■ **TASK INPUT**:
Lemma preceq_offdiag_bound (A B : zmat) : ThetaTilde n B -> preceq B A ->
  forall i j, 0 <= offdiag B i j <= `|sigma A i j|.
Proof.
move=> tB BA i j; rewrite /offdiag; case: eqVneq => [//|ij].
have := tB.1 i j ij; have := entry_le_sigma tB ij; have := BA i j ij; lia.
Qed.

Definition band_window (D : nat) : seq (int * int) :=
  [seq (r%:Z, r%:Z + d%:Z - D%:Z) | r <- iota 0 n, d <- iota 0 (2 * D).+1].

Lemma band_window_reduce (D : nat) (i j : int) : in_band D i j ->
  ((i %% n)%Z, j - (i %/ n)%Z * n%:Z) \in band_window D.
Proof.
rewrite /in_band => ij.
have -> : ((i %% n)%Z, j - (i %/ n)%Z * n%:Z) =
    ((absz (i %% n)%Z)%:Z, (absz (i %% n)%Z)%:Z
       + (absz (j - (i %/ n)%Z * n%:Z - (i %% n)%Z + D%:Z))%:Z - D%:Z).
  by congr pair; lia.
by apply: (allpairs_f (fun r d : nat => (r%:Z, r%:Z + d%:Z - D%:Z))); rewrite mem_iota; lia.
Qed.

Lemma finite_preceq_offdiag_inj (A : zmat) (P : zmat -> Prop) : ThetaTilde n A ->
  (forall B, P B -> ThetaTilde n B /\ preceq B A) ->
  (forall B1 B2, P B1 -> P B2 -> offdiag B1 = offdiag B2 -> B1 = B2) -> finite_set P.
Proof.
move=> tA P_below offdiag_inj; have [D bandA] := ThetaTilde_band tA.
pose M := \max_(p <- band_window D) absz (sigma A p.1 p.2).
pose code B := [seq offdiag B p.1 p.2 | p <- band_window D].
apply: (@finite_set_inj_code _ P code
          (seqs_over [seq k%:Z | k <- iota 0 M.+1] (size (band_window D)))).
  move=> B /P_below[tB BA]; rewrite -(size_map (fun p => offdiag B p.1 p.2)).
  apply: mem_seqs_over => _ /mapP[[i j] ij_win ->] /=.
  have M_bound : (absz (sigma A i j) <= M)%N.
    exact: (@leq_bigmax_seq _ _ xpredT (fun p => absz (sigma A p.1 p.2)) (i, j)).
  have B_bound := preceq_offdiag_bound tB BA i j.
  by apply: mem_Posz_iota; lia.
move=> B1 B2 /[dup] P1 /P_below[tB1 B1A] /[dup] P2 /P_below[tB2 B2A] code_eq.
apply: offdiag_inj => //; apply: functional_extensionality => i.
apply: functional_extensionality => j.
have [inb|outb] := boolP (in_band D i j).
  rewrite (offdiag_reduce tB1) (offdiag_reduce tB2).
  exact: (eq_in_map _ _ _).2 code_eq _ (band_window_reduce inb).
have sigma0 := sigma_out_band bandA outb.
have := preceq_offdiag_bound tB1 B1A i j; have := preceq_offdiag_bound tB2 B2A i j.
rewrite sigma0; lia.
Qed.

End Periodic.

Lemma offdiag_diag_inj (B1 B2 : zmat) :
  offdiag B1 = offdiag B2 -> (forall i, B1 i i = B2 i i) -> B1 = B2.
Proof.
move=> off_eq diag_eq; apply: functional_extensionality => i.
apply: functional_extensionality => j; have := congr1 (fun B => B i j) off_eq.
by rewrite /offdiag; case: eqVneq => [<-|].
Qed.

Theorem lemma7p5 (n : nat) (hn : (2 <= n)%N) :
  (forall A : zmat, ThetaPM n A ->
     finite_set (fun B => ThetaPM n B /\ prec B A)) /\
  (forall A' : zmat, ThetaTilde n A' ->
     finite_set (fun B => ThetaTilde n B /\ sqsubseteq B A')).
Proof.
have n_gt0 : (0 < n)%N by lia.
split=> [A [tA _] | A tA].
  apply: (finite_preceq_offdiag_inj n_gt0 tA) => [B [[tB _] [BA _]] //|].
  move=> B1 B2 [[_ [_ zero1]] _] [[_ [_ zero2]] _] off_eq.
  by apply: offdiag_diag_inj => // i; rewrite zero1 zero2.
apply: (finite_preceq_offdiag_inj n_gt0 tA) => [B [tB [BA _]] //|].
move=> B1 B2 [tB1 [_ [ro1 _]]] [tB2 [_ [ro2 _]]] off_eq.
apply: offdiag_diag_inj => // i.
have [[s1 row1] [s2 row2]] := (tB1.2.2.1 i, tB2.2.2.1 i).
apply: (diag_eq_of_ro row1 row2); last by rewrite ro1 ro2.
by move=> j ji; have := congr1 (fun B => B i j) off_eq; rewrite /offdiag eq_sym (negPf ji).
Qed.
Lemma class2_nonabelian_p3_subgroup : H^`(1) \subset 'Z(H) ->
  exists E : {group gT}, [/\ E \subset H, #|E| = (p ^ 3)%N & ~~ abelian E].
Proof.
move=> sH'Z; have [x Hx notZx] := subsetPn not_cHH.
have [y Hy not_cxy] : exists2 y, y \in H & y \notin 'C[x].
  by apply/subsetPn; rewrite sub_cent1.
have ntx : x != 1 by apply: contraNneq not_cxy => ->; rewrite cent11T inE.
have nty : y != 1 by apply: contraNneq not_cxy => ->; rewrite group1.
set c := [~ x, y]; have Zc : c \in 'Z(H) by rewrite (subsetP sH'Z) ?mem_commg.
have [Hc cHc] := setIP Zc.
have ntc : c != 1.
  by apply: contraNneq not_cxy => /eqP/commgP cxy; rewrite -cent1C; apply/cent1P.
have cxc : c \in 'C[x] by apply/cent1P/(centP cHc).
pose W := (<[x]> <*> <[c]>)%G.
have defW : W :=: <[x]> * <[c]> by apply: cent_joinEr; rewrite cycle_subG /= cent_cycle.
have tiW : <[x]> :&: <[c]> = 1.
  rewrite prime_TIg -?orderE ?order_exponent_prime // cycle_subG.
  by apply: contra notZx; apply: subsetP; rewrite cycle_subG.
have oW : #|W| = (p ^ 2)%N by rewrite defW TI_cardMg // -!orderE !order_exponent_prime.
have sWCx : W \subset 'C[x] by rewrite join_subG !cycle_subG cent1id.
have Wx : x \in W by rewrite mem_gen ?inE ?cycle_id.
have Wc : c \in W by rewrite mem_gen ?inE ?cycle_id ?orbT.
have nWy : y \in 'N(W).
  have cy : c ^ y = c by apply/conjg_fixP/commgP; apply: (centP cHc).
  by rewrite inE /= conjYg -!cycleJ join_subG !cycle_subG conjg_mulR cy groupM.
pose E := (W <*> <[y]>)%G.
have defE : E :=: W * <[y]> by rewrite /= norm_joinEr ?cycle_subG; last exact: nWy.
have tiE : W :&: <[y]> = 1.
  rewrite setIC prime_TIg -?orderE ?order_exponent_prime // cycle_subG.
  by apply: contra not_cxy; apply: subsetP.
exists E; split.
- by rewrite !join_subG !cycle_subG Hx Hy (subsetP (center_sub H)).
- by rewrite defE TI_cardMg // oW -orderE order_exponent_prime // -expnSr.
have Ex : x \in E by rewrite mem_gen ?inE ?Wx.
have Ey : y \in E by rewrite mem_gen ?inE ?cycle_id ?orbT.
by apply: contra not_cxy => /centsP cEE; rewrite -cent1C; apply/cent1P/cEE.
Qed.

Lemma class2_dprod : H^`(1) \subset 'Z(H) ->
  exists E C : {group gT}, [/\ E \x C = H, E \isog [set: gsort p^{1+2}] & #|C| = p].
Proof.
move=> sH'Z; have [E [sEH oE not_cEE]] := class2_nonabelian_p3_subgroup sH'Z.
have pE := pgroupS sEH pH.
have esE : extraspecial E by apply: (p3group_extraspecial pE); rewrite ?oE ?pfactorK.
have [z Zz notEz] : exists2 z, z \in 'Z(H) & z \notin E.
  apply/subsetPn/negP=> sZE; have := class2_card_center sH'Z.
  rewrite -(card_center_extraspecial pE esE) ltnNge subset_leq_card //.
  by rewrite subsetI sZE subIset // (centS sEH) orbT.
have [Hz cHz] := setIP Zz.
have ntz : z != 1 by apply: contraNneq notEz => ->.
have oz : #[z] = p := order_exponent_prime Hz ntz.
exists E, <[z]>%G; split; last by rewrite -orderE.
  have tiEz : E :&: <[z]> = 1.
    by rewrite setIC prime_TIg -?orderE ?oz ?cycle_subG.
  rewrite dprodE ?cycle_subG ?(subsetP (centS sEH)) //.
  apply/eqP; rewrite eqEcard mulG_subG sEH cycle_subG Hz /=.
  by rewrite TI_cardMg // oE -orderE oz oH -expnSr.
by rewrite isog_pX1p2 // (dvdn_trans (exponentS sEH)).
Qed.

Lemma card_center_prime_index_ucn2 : #|'Z(H)| = p -> #|'Z_2(H) : 'Z(H)| = p.
Proof.
move=> oZ; have [sZH nZH] := andP (center_normal H).
have not_cHHZ : ~~ abelian (H / 'Z(H)).
  by apply/negP=> /(der1_min nZH)/class2_card_center; rewrite oZ ltnn.
have esHZ : extraspecial (H / 'Z(H)).
  apply: (p3group_extraspecial (quotient_pgroup _ pH) not_cHHZ).
  by rewrite card_quotient // -divgS // oH oZ (expnS p 3) mulKn ?prime_gt0 ?pfactorK.
have := ucn_central 1 H; rewrite ucn1 => defZ2Z.
rewrite -(card_quotient (subset_trans (ucn_sub 2 H) nZH)) defZ2Z.
exact: card_center_extraspecial (quotient_pgroup _ pH) esHZ.
Qed.

(* [Z_2(H) = <[z0]> Z(H)] for any [z0] in [Z_2(H) :\: Z(H)], and [[z0, H]] lies in
   [Z(H)], so [C_H(Z_2(H)) = C_H[z0]] has index at most [|Z(H)| = p]. *)
Lemma card_center_prime_cent_ucn2 : #|'Z(H)| = p -> #|'C_H('Z_2(H))| = (p ^ 3)%N.
Proof.
move=> oZ; set Z2 := 'Z_2(H); set M := 'C_H(Z2).
have sZ2H : Z2 \subset H := ucn_sub 2 H.
have sZZ2 : 'Z(H) \subset Z2 by rewrite -ucn1 ucn_subS.
have oZ2 : #|Z2| = (p ^ 2)%N.
  by rewrite -(Lagrange sZZ2) oZ card_center_prime_index_ucn2.
have [z0 Z2z0 notZz0] : exists2 z0, z0 \in Z2 & z0 \notin 'Z(H).
  apply/subsetPn/negP=> /subset_leq_card; rewrite oZ2 oZ.
  by rewrite -{2}(expn1 p) leq_exp2l.
have Hz0 := subsetP sZ2H z0 Z2z0.
have ntz0 : z0 != 1 by apply: contraNneq notZz0 => ->.
have defZ2 : <[z0]> * 'Z(H) = Z2.
  apply/eqP; rewrite eqEcard mulG_subG cycle_subG Z2z0 sZZ2 /=.
  rewrite TI_cardMg -?orderE ?order_exponent_prime ?oZ ?oZ2 //.
  by rewrite prime_TIg -?orderE ?order_exponent_prime ?cycle_subG.
have sCz0M : 'C_H[z0] \subset M.
  rewrite /M -defZ2 centM cent_cycle setIA subsetI subxx /=.
  by rewrite subIset // centsC subsetIr.
have iHC : #|H : 'C_H[z0]| <= p.
  have sZ2H_Z : [~: Z2, H] \subset 'Z(H) by rewrite -(ucn1 H) ucn_comm.
  by rewrite -oZ index_cent1_leq // => g Hg; rewrite (subsetP sZ2H_Z) ?mem_commg.
have sMH : M \subset H := subsetIl H _.
have [j oM] := p_natP (pgroupS sMH pH).
have ltMH : M \proper H.
  rewrite properEneq sMH andbT; apply: contraNneq notZz0 => defM.
  by rewrite inE Hz0 (subsetP _ z0 Z2z0) // centsC -defM subsetIr.
have : (p ^ 3 <= #|M|)%N.
  rewrite (leq_trans _ (subset_leq_card sCz0M)) // -(leq_pmul2r (ltnW p_gt1)).
  by rewrite -expnSr -oH -(Lagrange (subsetIl H 'C[z0])) leq_mul2l iHC orbT.
move: (proper_card ltMH); rewrite oM oH !leq_exp2l ?ltn_exp2l // => ltj4 le3j.
by congr (_ ^ _)%N; apply/eqP; rewrite eqn_leq le3j -ltnS ltj4.
Qed.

■ **YOUR GOAL**: Look above for the line containing "by congr (_"; copy from it through the last line, exactly, and nothing more.

■ **EXERCISE RESULT**:
by congr (_ ^ _)%N; apply/eqP; rewrite eqn_leq le3j -ltnS ltj4.
Qed.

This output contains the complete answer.